■ Your goal: Set down exactly the lines below, starting at the one that contains "(upd_env3 env o a b' c |= FAnd" and ending at the one that contains "move=> aN bN", with both of those lines included and nothing else.

Source data:
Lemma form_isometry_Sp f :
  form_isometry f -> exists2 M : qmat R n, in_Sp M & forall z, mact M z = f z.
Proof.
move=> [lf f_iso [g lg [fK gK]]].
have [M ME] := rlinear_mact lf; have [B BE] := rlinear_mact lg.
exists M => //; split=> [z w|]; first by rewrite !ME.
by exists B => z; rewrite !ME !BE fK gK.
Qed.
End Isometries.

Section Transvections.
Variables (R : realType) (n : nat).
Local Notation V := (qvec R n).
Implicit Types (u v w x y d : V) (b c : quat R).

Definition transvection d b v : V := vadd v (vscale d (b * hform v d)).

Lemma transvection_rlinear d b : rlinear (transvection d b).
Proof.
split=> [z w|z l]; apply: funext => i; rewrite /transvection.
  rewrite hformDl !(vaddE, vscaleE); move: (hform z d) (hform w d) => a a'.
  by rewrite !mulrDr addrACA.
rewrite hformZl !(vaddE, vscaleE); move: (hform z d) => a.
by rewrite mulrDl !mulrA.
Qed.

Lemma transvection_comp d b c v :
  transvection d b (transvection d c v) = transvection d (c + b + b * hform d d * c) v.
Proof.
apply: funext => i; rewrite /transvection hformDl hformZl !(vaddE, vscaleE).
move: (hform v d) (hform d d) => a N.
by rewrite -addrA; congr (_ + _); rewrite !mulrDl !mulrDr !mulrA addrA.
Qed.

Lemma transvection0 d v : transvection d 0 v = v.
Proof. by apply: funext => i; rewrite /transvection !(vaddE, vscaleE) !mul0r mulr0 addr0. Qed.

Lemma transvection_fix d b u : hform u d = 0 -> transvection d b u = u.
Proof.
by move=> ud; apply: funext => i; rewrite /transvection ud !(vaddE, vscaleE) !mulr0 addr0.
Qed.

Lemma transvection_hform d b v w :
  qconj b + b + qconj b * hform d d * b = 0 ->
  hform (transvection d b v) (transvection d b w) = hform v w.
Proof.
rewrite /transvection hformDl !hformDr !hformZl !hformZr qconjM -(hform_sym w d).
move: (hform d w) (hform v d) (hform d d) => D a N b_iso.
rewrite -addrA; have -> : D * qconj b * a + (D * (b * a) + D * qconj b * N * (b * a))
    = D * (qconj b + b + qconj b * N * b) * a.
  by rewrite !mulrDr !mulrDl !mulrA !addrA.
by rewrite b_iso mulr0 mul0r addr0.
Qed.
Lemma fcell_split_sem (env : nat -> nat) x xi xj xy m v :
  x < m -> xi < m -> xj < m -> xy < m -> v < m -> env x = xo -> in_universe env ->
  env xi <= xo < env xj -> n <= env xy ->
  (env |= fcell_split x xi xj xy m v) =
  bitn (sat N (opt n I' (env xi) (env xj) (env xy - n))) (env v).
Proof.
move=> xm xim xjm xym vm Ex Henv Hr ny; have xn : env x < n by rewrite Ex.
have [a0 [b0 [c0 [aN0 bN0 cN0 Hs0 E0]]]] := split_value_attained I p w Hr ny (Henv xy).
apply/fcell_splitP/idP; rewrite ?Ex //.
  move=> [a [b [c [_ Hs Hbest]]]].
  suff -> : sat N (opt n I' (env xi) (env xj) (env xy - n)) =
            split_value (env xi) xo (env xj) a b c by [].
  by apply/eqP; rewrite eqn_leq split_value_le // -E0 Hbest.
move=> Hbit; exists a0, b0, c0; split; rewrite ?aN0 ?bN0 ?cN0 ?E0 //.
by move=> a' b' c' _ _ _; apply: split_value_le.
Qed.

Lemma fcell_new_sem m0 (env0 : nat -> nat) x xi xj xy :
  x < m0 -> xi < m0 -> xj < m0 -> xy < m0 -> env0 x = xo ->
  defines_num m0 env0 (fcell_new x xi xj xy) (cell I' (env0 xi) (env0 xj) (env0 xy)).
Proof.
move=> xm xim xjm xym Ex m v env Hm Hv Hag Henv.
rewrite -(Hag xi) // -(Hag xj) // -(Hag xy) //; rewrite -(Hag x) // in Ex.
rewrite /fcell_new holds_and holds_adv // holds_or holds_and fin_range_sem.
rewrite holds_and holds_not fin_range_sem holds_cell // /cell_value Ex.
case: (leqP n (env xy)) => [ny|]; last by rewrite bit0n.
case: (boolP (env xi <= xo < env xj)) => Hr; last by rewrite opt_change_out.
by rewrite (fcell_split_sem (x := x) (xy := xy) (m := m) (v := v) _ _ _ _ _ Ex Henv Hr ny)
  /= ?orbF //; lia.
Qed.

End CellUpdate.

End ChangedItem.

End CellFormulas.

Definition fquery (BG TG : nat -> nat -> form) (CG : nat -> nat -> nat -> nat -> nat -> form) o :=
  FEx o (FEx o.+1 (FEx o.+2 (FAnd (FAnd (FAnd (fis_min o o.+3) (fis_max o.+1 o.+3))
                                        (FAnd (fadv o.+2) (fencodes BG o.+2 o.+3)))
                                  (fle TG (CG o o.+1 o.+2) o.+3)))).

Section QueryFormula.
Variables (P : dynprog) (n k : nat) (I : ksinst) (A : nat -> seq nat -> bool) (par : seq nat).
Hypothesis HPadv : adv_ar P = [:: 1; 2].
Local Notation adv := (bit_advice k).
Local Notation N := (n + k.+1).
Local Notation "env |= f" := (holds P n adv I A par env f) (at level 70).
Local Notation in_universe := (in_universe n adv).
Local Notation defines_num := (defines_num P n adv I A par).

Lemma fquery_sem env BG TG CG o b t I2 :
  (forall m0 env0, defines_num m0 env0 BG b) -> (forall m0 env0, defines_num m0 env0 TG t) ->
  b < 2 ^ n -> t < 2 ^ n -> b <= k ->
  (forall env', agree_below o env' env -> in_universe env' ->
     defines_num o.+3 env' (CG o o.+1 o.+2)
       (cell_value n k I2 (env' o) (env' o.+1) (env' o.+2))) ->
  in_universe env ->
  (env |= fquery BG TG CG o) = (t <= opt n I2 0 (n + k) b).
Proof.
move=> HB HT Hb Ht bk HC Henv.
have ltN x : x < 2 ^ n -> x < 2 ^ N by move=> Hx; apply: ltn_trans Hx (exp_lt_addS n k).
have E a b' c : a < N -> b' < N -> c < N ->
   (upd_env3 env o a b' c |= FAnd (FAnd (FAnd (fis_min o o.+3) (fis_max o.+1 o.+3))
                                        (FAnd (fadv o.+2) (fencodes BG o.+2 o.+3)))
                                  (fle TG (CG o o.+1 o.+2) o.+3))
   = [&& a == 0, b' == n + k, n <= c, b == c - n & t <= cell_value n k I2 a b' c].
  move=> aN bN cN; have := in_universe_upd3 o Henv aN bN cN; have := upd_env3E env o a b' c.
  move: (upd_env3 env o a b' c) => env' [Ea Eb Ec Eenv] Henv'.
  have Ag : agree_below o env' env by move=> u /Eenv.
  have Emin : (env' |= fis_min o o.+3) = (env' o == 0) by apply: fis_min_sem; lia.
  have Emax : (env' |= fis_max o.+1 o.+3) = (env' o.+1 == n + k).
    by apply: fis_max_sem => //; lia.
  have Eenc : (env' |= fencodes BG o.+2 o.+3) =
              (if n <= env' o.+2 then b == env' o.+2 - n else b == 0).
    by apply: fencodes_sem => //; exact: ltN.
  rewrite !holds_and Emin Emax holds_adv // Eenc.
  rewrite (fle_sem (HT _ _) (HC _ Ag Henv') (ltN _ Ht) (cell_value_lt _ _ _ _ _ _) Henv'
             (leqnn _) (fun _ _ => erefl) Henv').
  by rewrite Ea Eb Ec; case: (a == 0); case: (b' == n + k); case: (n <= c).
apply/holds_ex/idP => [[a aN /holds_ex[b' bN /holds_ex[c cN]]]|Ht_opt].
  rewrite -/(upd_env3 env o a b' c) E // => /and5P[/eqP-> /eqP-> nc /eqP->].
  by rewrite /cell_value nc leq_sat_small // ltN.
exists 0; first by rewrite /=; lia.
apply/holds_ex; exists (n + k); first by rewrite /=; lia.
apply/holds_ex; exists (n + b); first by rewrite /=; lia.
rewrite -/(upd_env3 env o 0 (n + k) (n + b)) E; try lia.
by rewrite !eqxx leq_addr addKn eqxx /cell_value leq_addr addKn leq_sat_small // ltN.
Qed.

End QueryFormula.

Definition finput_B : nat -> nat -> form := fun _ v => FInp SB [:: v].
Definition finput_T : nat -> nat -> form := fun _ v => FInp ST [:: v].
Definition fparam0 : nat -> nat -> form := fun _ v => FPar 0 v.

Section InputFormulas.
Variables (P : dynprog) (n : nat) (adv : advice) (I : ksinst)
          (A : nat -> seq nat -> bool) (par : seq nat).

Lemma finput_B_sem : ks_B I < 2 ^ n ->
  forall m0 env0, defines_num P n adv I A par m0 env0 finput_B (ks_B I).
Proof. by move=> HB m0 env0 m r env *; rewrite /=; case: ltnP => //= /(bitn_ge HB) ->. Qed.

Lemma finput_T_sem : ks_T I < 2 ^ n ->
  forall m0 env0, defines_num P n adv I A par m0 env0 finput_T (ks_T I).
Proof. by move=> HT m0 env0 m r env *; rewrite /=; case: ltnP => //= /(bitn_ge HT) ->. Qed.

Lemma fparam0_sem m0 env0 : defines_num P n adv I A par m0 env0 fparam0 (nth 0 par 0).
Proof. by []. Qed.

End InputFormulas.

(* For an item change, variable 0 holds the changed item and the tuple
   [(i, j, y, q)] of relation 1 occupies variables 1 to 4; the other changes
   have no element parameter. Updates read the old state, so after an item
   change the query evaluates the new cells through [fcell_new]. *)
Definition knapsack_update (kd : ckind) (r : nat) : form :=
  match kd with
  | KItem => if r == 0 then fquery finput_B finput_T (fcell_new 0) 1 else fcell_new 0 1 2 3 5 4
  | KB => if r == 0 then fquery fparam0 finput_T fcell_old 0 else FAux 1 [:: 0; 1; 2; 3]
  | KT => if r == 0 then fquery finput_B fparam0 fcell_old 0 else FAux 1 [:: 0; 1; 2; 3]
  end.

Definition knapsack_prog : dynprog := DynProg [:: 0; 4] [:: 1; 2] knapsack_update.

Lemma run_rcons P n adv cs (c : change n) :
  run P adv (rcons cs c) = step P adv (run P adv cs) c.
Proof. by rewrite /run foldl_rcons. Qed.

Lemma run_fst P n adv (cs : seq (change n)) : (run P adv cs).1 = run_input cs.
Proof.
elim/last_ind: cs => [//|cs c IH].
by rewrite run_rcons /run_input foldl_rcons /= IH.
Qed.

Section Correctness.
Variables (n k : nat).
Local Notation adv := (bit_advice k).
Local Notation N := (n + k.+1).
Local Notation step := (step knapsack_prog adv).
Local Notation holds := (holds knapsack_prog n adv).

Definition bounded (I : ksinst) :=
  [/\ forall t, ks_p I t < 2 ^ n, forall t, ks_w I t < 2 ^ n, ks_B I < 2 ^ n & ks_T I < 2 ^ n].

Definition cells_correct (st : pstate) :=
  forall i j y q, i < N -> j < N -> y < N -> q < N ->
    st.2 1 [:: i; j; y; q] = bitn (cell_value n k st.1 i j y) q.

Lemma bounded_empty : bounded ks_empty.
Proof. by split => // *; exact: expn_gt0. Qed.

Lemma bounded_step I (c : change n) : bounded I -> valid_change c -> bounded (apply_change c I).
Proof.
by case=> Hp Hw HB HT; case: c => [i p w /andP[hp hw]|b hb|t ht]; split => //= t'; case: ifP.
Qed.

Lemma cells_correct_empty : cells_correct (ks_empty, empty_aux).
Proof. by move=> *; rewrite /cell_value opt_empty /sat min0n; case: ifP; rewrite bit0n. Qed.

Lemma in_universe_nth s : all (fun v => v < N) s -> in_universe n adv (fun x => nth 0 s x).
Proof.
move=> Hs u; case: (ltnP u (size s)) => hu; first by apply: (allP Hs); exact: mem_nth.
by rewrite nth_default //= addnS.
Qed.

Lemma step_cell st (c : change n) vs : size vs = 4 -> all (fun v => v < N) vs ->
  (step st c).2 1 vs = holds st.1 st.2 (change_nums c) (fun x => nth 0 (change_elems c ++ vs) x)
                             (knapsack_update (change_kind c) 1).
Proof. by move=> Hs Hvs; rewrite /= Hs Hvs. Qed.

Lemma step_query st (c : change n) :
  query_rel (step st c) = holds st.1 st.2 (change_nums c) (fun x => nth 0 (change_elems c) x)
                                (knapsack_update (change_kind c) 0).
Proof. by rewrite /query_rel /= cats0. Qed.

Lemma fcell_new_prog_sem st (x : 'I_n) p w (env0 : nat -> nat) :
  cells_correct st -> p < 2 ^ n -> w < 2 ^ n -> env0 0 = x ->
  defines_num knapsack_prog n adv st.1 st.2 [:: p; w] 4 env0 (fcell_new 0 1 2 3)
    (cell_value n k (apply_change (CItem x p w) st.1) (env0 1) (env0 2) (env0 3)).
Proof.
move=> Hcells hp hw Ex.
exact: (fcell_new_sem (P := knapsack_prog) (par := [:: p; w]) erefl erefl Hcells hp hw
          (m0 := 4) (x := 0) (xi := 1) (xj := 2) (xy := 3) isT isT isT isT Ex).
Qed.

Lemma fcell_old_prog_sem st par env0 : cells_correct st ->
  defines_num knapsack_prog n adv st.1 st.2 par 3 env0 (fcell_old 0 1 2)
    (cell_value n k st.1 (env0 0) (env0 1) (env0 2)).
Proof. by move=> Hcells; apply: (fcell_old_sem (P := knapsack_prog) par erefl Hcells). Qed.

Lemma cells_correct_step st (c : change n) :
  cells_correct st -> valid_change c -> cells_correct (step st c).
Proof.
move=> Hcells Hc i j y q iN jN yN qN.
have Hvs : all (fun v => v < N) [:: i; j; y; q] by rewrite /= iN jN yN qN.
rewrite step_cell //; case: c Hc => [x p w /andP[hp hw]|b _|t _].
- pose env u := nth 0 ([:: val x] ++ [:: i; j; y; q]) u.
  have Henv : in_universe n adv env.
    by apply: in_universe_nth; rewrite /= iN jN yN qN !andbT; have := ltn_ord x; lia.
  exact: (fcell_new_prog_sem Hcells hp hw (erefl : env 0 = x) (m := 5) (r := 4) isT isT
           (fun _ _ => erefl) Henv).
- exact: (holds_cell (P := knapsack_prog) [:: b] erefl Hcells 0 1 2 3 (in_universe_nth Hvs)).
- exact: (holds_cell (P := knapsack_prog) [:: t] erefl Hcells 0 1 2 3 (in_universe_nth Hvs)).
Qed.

■ Result of the task:
   (upd_env3 env o a b' c |= FAnd (FAnd (FAnd (fis_min o o.+3) (fis_max o.+1 o.+3))
                                        (FAnd (fadv o.+2) (fencodes BG o.+2 o.+3)))
                                  (fle TG (CG o o.+1 o.+2) o.+3))
   = [&& a == 0, b' == n + k, n <= c, b == c - n & t <= cell_value n k I2 a b' c].
  move=> aN bN cN; have := in_universe_upd3 o Henv aN bN cN; have := upd_env3E env o a b' c.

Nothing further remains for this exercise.